Common right-handedness and left-hemisphere lateralization of language faculties are two puzzling phenomena that have yet to be fully explained. As the human body is largely symmetrical, it is hard to think of the potential benefits that could result from these asymmetrical distributions of functions. More interestingly, as the likelihood of right-hemisphere or symmetric language dominance is significantly higher among people who are left-handed (Knecht, 2000; Szaflarski et al., 2002), a systematic association between those two asymmetries has long been suspected, and this connection has been frequently taken as a piece of evidence supporting the gestural protolanguage hypothesis of human language evolution. Therefore, in this paper, I would like to briefly introduce one version of the gestural protolanguage theory that is closely linked to this connection, which considers “tool-use” to be a central component in the language evolution process. In addition, I would also like to review several empirical studies that have provided compelling evidence for this hypothesis and suggest several directions for future research in the final conclusion section.

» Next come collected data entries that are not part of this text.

Lemma col_mpoly_lexlead v c : v c 0 = 1 -> (forall q : 'I_N, (c < q)%N -> v q 0 = 0) ->
  is_lexlead (col_mpoly v) (Cq c).
Proof.
move=> vc1 v_gt; split.
  rewrite mcoeff_msupp mcoeff_col_mpoly (bigD1 c) //= eqxx vc1 mulr1 big1 ?addr0 ?oner_eq0 //.
  by move=> q ne_qc; rewrite (inj_eq nth_C_inj) (negbTE ne_qc) mulr0.
move=> m; rewrite mcoeff_msupp mcoeff_col_mpoly; apply: contraNT => not_le.
apply/eqP/big1 => q _; have [lt_cq|le_qc] := ltnP c q; first by rewrite v_gt // mul0r.
case: eqP => [eq_qm|_]; last by rewrite mulr0.
by rewrite -eq_qm lexle_nth_C le_qc in not_le.
Qed.

End ColumnPolynomial.

Arguments col_mpoly {K n} C v.

Lemma size_free_Jj_le_Dj (K : fieldType) (n t : nat) (u : 'I_t -> 'X_{1..n} -> K) j :
    finite_quot (ann u) ->
  forall s, (forall p, p \in s -> poly_from j p) -> free_mod (Jj u j) s ->
  (size s <= Dj u j)%N.
Proof.
case=> b le_b; apply: size_free_le_qdim => s s_j free_s; apply: le_b => c ann_c.
apply/free_s/(ann_Jj ann_c)/poly_from_sum => i _; exact/poly_fromZ/s_j/mem_nth.
Qed.

Section MmatKernel.
Variables (K : fieldType) (n t : nat) (u : 'I_t -> 'X_{1..n} -> K) (j : nat).
Variable C : seq 'X_{1..n}.
Hypotheses (C_uniq : uniq C) (C_sorted : sorted (@lexle n) C).
Hypothesis C_mono : forall m, m \in C -> mono_from j m.
Local Notation N := (size C).
Local Notation Cq q := (nth 0%MM C q).
Local Notation J := (Jj u j).
Implicit Types (v : 'cV[K]_N) (f h : {mpoly K[n]}) (m : 'X_{1..n}).

Lemma nth_C_onto m : m \in C -> exists c : 'I_N, Cq c = m.
Proof.
move=> m_C; have lt_mC : (index m C < N)%N by rewrite index_mem.
by exists (Ordinal lt_mC); rewrite nth_index.
Qed.

Lemma nth_C_mono (q : 'I_N) : mono_from j (Cq q).
Proof. exact/C_mono/mem_nth. Qed.

Lemma poly_from_col_mpoly v : poly_from j (col_mpoly C v).
Proof. by apply: poly_from_sum => q _; apply/poly_fromZ/poly_fromX/nth_C_mono. Qed.

Lemma Mmat_mulmx_eq0_of_Jj v : J (col_mpoly C v) -> Mmat u C *m v = 0.
Proof. by move=> Jv; apply/Mmat_mulmx_eq0_shifts => i a; apply/Jj_pairing/JjXM/Jv/nth_C_mono. Qed.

Numerous evolutionary theories have been proposed to explain the causal relationship between the emergence of human right-handedness and language evolution. Among them, I would like to mainly focus on the tool-use theory, which I personally consider to be the best-supported theory that exists nowadays. Basically, the tool-use theory suggests that our right-handedness to be a result of increased tool-use or increased complexity of manual activities in general in the hominoid lineage (Forrester & Quaresmini, 2013). According to Frost (1980), the skilled serial motor activities and the psychological capacity for hierarchical organization of movements required in the construction and use of tools might have paved a route for the evolution of the underlying structure of language, namely proto-grammar. In other words, after increased tool-use drove the lateralized cerebral specialization in producing temporal sequences of motor activities, proto-grammar and use of gestures have evolved, serving as a protolanguage and a preadaptation that allows the later exaptation of vocal language to take place. I personally prefer this theory of human handedness and language evolution as it not only provides a reasonable order of the development of handedness that fits the observations we have but also offers us a logical explanation for the emergence of proto-grammar, which is the prototype of syntax, the central feature of human language. Moreover, as we can see in the following section, a variety of evidence has either directly or indirectly supported this gestural protolanguage theory of human language evolution.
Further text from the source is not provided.